- Exercise
Give again, exactly as written, each line of the material below starting at the line that contains "have [c Auc]" and ending at the line that contains "Lemma muvec_leaf_coord u". Both ends count, and no other line does.

******************************

Lemma npaths_leaf w v : is_leaf A w -> npaths A w v = (w == v).
Proof.
by move=> Lw; rewrite (npathsE acA) big_pred0 ?addn0 // => c; apply: leaf_no_child.
Qed.

Lemma sum_npaths_leaf w (P : pred V) : is_leaf A w -> \sum_(x | P x) npaths A w x = P w.
Proof.
by move=> Lw; rewrite -(sum_pred1 P w); apply: eq_bigr => x _; rewrite npaths_leaf // eq_sym.
Qed.

(* Every path to a leaf w, except the trivial one, passes through its parent p. *)
Lemma npaths_via_parent w p u : is_leaf A w -> A p w ->
  npaths A u w = (u == w) + npaths A u p.
Proof.
move=> Lw Apw; elim/(dag_ind acA): u => u IH.
rewrite (npathsE acA u w) (npathsE acA u p).
rewrite (eq_bigr (fun c => (c == w) + npaths A c p)) => [|c /IH //].
rewrite big_split /= sum_pred1.
have -> // : A u w = (u == p).
by apply/idP/eqP => [Auw|->//]; apply: leaf_parent_uniq Lw Auw Apw.
Qed.

Definition leaf_mass (u : V) : nat := \sum_(w | is_leaf A w) npaths A u w.

Lemma leaf_mass_leaf w : is_leaf A w -> leaf_mass w = 1.
Proof. by move=> Lw; rewrite /leaf_mass sum_npaths_leaf ?Lw. Qed.

Lemma leaf_mass_pos u : 0 < leaf_mass u.
Proof.
elim/(dag_ind acA): u => u IH.
case: (boolP (is_leaf A u)) => [Lu|nLu]; first by rewrite leaf_mass_leaf.
have [c Auc] := not_leaf_child nLu; apply: leq_trans (IH c Auc) _.
by apply: leq_sum => w _; apply: npaths_child.
Qed.

Lemma leaf_mass_tree u a b : is_tree_node A u -> a != b -> A u a -> A u b ->
  leaf_mass u = leaf_mass a + leaf_mass b.
Proof.
move=> Tu ab Aua Aub; rewrite /leaf_mass -big_split /=; apply: eq_bigr => w Lw.
rewrite (npaths_tree _ Tu ab Aua Aub) -addnA.
by case: eqP => [uw|]; first by rewrite -uw (tree_not_leaf Tu) in Lw.
Qed.

Lemma leaf_mass_tree_ge2 u : is_tree_node A u -> 2 <= leaf_mass u.
Proof.
move=> Tu; have [a [b [ab Aua Aub]]] := tree_node_children Tu.
by rewrite (leaf_mass_tree Tu ab Aua Aub) -addn1 leq_add ?leaf_mass_pos.
Qed.

Lemma muvec_leaf_coord u (k : 'I_n.+1) : 0 < k -> muvec n A lab u k = mu_leaf A lab k u.
Proof. by move=> k0; rewrite ffunE eqn0Ngt k0. Qed.

Lemma mu_leaf_lab u w : is_leaf A w -> mu_leaf A lab (lab w) u = npaths A u w.
Proof.
move=> Lw; rewrite /mu_leaf (big_pred1 w) // => x /=.
by apply/andP/eqP => [[Lx /eqP]|->]; [apply: leaf_lab_inj | rewrite eqxx].
Qed.

Lemma muvec_lab u w : is_leaf A w -> muvec n A lab u (inord (lab w)) = npaths A u w.
Proof.
move=> Lw; have /andP[lab0 labn] := leaf_lab_range Lw.
have labK : nat_of_ord (inord (lab w) : 'I_n.+1) = lab w by rewrite inordK.
by rewrite muvec_leaf_coord labK ?mu_leaf_lab.
Qed.

Lemma sum_muvec u : \sum_(k : 'I_n.+1 | 0 < k) muvec n A lab u k = leaf_mass u.
Proof.
under eq_bigr => k k0 do rewrite muvec_leaf_coord // /mu_leaf big_mkcond /=.
rewrite exchange_big /leaf_mass [RHS]big_mkcond /=; apply: eq_bigr => w _.
case: (boolP (is_leaf A w)) => [Lw|_] /=; last by rewrite big1.
have /andP[lab0 labn] := leaf_lab_range Lw.
rewrite -big_mkcondr (big_pred1 (inord (lab w))) // => k /=.
apply/andP/eqP => [[_ /eqP ->]|->]; first by rewrite inord_val.
by rewrite inordK ?eqxx.
Qed.

Lemma muvec_leaf w : is_leaf A w -> muvec n A lab w = delta n [:: lab w].
Proof.
move=> Lw; have /andP[lab0 _] := leaf_lab_range Lw.
apply/ffunP => k; rewrite !ffunE inE /mu_ret /mu_leaf !sum_npaths_leaf //.
case: eqP => [k0|_]; first by rewrite leaf_not_ret // k0; case: eqP lab0 => // <-.
by rewrite Lw eq_sym.
Qed.

Lemma muvec_cherry p wi wj : is_leaf A wi -> is_leaf A wj -> lab wi != lab wj ->
  A p wi -> A p wj -> muvec n A lab p = delta n [:: lab wi; lab wj].
Proof.
move=> Li Lj lij Api Apj.
have wij : wi != wj by apply: contra lij => /eqP ->.
have Tp := two_children_tree wij Api Apj.
have paths_from_p P : \sum_(x | P x) npaths A p x = P p + P wi + P wj.
  rewrite -!(sum_pred1 P) -!big_split /=; apply: eq_bigr => x _.
  by rewrite (npaths_tree _ Tp wij Api Apj) !npaths_leaf // ![_ == x]eq_sym.
apply/ffunP => k; rewrite delta_pair // ffunE /mu_ret /mu_leaf !paths_from_p /=.
have /andP[li0 _] := leaf_lab_range Li; have /andP[lj0 _] := leaf_lab_range Lj.
case: eqP => [->|_].
  by rewrite tree_not_ret // !leaf_not_ret // ![0 == _]eq_sym !eqn0Ngt li0 lj0.
by rewrite tree_not_leaf // Li Lj ![_ == val k]eq_sym.
Qed.

Lemma children_leaves u c : is_tree_node A u -> leaf_mass u = 2 ->
  mu_ret A u = 0 -> A u c -> is_leaf A c.
Proof.
move=> Tu mass2 ret0 Auc.
have [a [b [ab Aua Aub]]] := tree_node_children Tu.
have mass_c : leaf_mass c = 1.
  have := leaf_mass_tree Tu ab Aua Aub; rewrite mass2.
  have := leaf_mass_pos a; have := leaf_mass_pos b.
  by move: Auc; rewrite (tree_children_only Tu ab Aua Aub) => /orP[] /eqP ->; lia.
have not_ret : is_reticulation A c = false.
  apply/negbTE/negP => Rc; move: ret0; rewrite /mu_ret (bigD1 c) //=.
  by have := leq_trans (npaths_refl acA c) (npaths_child acA c Auc); lia.
move: (node_kinds c); rewrite not_ret (negbTE (child_not_root Auc)) orbF /=.
by case/orP => // Tc; have := leaf_mass_tree_ge2 Tc; rewrite mass_c.
Qed.

(* A node of V_T(N) whose mu-vector is delta_{i,j} is the parent of the
   leaves labelled i and j: its leaf mass is 2, so it is a tree node whose
   children are leaves, and their labels are coordinates where mu is 1. *)
Lemma parent_of_delta_pair u (i j : 'I_n.+1) : 0 < val i -> 0 < val j -> i != j ->
  is_leaf A u || is_tree_node A u -> muvec n A lab u = delta n [:: val i; val j] ->
  exists wi wj, is_leaf A wi /\ is_leaf A wj /\ lab wi = val i /\ lab wj = val j /\
                A u wi /\ A u wj.
Proof.
move=> i0 j0 ij VTu Eu.
have mass2 : leaf_mass u = 2 by rewrite -sum_muvec Eu sum_delta_pair.
have Tu : is_tree_node A u by case/orP: VTu => // Lu; rewrite leaf_mass_leaf in mass2.
have ret0 : mu_ret A u = 0.
  by move/ffunP/(_ ord0): Eu; rewrite !ffunE /= !inE ![0 == _]eq_sym !eqn0Ngt i0 j0.
have child_lab c : A u c -> is_leaf A c /\ lab c \in [:: val i; val j].
  move=> Auc; have Lc := children_leaves Tu mass2 ret0 Auc; split => //.
  have /andP[_ labn] := leaf_lab_range Lc.
  have := muvec_lab u Lc; rewrite Eu ffunE /= inordK ?ltnS // => reach.
  have := leq_trans (npaths_refl acA c) (npaths_child acA c Auc).
  by rewrite -reach; case: (_ \in _).
have [a [b [ab Aua Aub]]] := tree_node_children Tu.
have [[La la] [Lb lb]] := (child_lab a Aua, child_lab b Aub).
have lab_ab : lab a != lab b by apply: contra ab => /eqP /(leaf_lab_inj La Lb) ->.
move: la lb; rewrite !inE => /orP[] /eqP la /orP[] /eqP lb.
- by rewrite la lb eqxx in lab_ab.
- by exists a, b.
- by exists b, a.
- by rewrite la lb eqxx in lab_ab.
Qed.

Lemma cherry_count p wi wj (i j : 'I_n.+1) : 0 < val i -> 0 < val j -> i != j ->
  is_leaf A wi -> is_leaf A wj -> lab wi = val i -> lab wj = val j -> A p wi -> A p wj ->
  count_mem (delta n [:: val i; val j]) (mu_rep n A lab) = 1.
Proof.
move=> i0 j0 ij Li Lj li lj Api Apj.
have wij : wi != wj by apply: contra ij => /eqP wij; rewrite -val_eqE /= -li -lj wij.
have Ep : muvec n A lab p = delta n [:: val i; val j].
  by rewrite -li -lj; apply: muvec_cherry; rewrite ?li ?lj.
rewrite /mu_rep count_map count_filter.
rewrite (eq_count (a2 := pred1 p)) ?count_uniq_mem ?enum_uniq ?mem_enum // => u /=.
apply/andP/eqP => [[/eqP Eu VTu] | ->]; last first.
  by rewrite Ep eqxx (two_children_tree wij Api Apj) orbT.
have [wi' [_ [Li' [_ [li' [_ [Auwi' _]]]]]]] := parent_of_delta_pair i0 j0 ij VTu Eu.
have wi'i : wi' = wi by apply: leaf_lab_inj; rewrite ?li' ?li.
by rewrite wi'i in Auwi'; apply: leaf_parent_uniq Li Auwi' Api.
Qed.

(* If (i,j) is a cherry of N, every other mu-vector takes equal values at
   i and j: paths to either leaf pass through the common parent. *)
Lemma cherry_balance p wi wj (i j : 'I_n.+1) u :
  is_leaf A wi -> is_leaf A wj -> lab wi = val i -> lab wj = val j -> A p wi -> A p wj ->
  muvec n A lab u != delta n [:: val i] -> muvec n A lab u != delta n [:: val j] ->
  muvec n A lab u i = muvec n A lab u j.
Proof.
move=> Li Lj li lj Api Apj ni nj.
have coord w (k : 'I_n.+1) : is_leaf A w -> A p w -> lab w = val k ->
    muvec n A lab u k = (u == w) + npaths A u p.
  move=> Lw Apw lw.
  by rewrite -(npaths_via_parent u Lw Apw) -(muvec_lab u Lw) lw inord_val.
rewrite (coord wi) // (coord wj) //.
case: eqP => [uwi|_]; first by move: ni; rewrite uwi muvec_leaf // li eqxx.
by case: eqP => [uwj|_]; first by move: nj; rewrite uwj muvec_leaf // lj eqxx.
Qed.

End Network.

Unset Implicit Arguments.

Theorem mainTheorem3 (n : nat) (V : finType) (A : rel V) (lab : V -> nat)
  (i j : 'I_n.+1) :
  is_network n A lab -> 0 < val i -> 0 < val j -> i != j ->
  (net_cherry A lab (val i) (val j) <-> ms_cherry (mu_rep n A lab) i j).
Proof.
move=> netN i0 j0 ij; split.
- case=> [wi [wj [p [Li [Lj [li [lj [Api Apj]]]]]]]]; split.
    exact: (cherry_count netN i0 j0 ij Li Lj li lj Api Apj).
  by move=> x /mapP [u _ ->]; apply: (cherry_balance netN Li Lj li lj Api Apj).
- case=> count1 _.
  have /mapP [u] : delta n [:: val i; val j] \in mu_rep n A lab.
    by rewrite -has_pred1 has_count count1.
  rewrite mem_filter => /andP[VTu _] Eu.
  have [wi [wj cherry]] := parent_of_delta_pair netN i0 j0 ij VTu (esym Eu).
  by exists wi, wj, u.
Qed.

******************************

- Response to this exercise
have [c Auc] := not_leaf_child nLu; apply: leq_trans (IH c Auc) _.
by apply: leq_sum => w _; apply: npaths_child.
Qed.

Lemma leaf_mass_tree u a b : is_tree_node A u -> a != b -> A u a -> A u b ->
  leaf_mass u = leaf_mass a + leaf_mass b.
Proof.
move=> Tu ab Aua Aub; rewrite /leaf_mass -big_split /=; apply: eq_bigr => w Lw.
rewrite (npaths_tree _ Tu ab Aua Aub) -addnA.
by case: eqP => [uw|]; first by rewrite -uw (tree_not_leaf Tu) in Lw.
Qed.

Lemma leaf_mass_tree_ge2 u : is_tree_node A u -> 2 <= leaf_mass u.
Proof.
move=> Tu; have [a [b [ab Aua Aub]]] := tree_node_children Tu.
by rewrite (leaf_mass_tree Tu ab Aua Aub) -addn1 leq_add ?leaf_mass_pos.
Qed.

Lemma muvec_leaf_coord u (k : 'I_n.+1) : 0 < k -> muvec n A lab u k = mu_leaf A lab k u.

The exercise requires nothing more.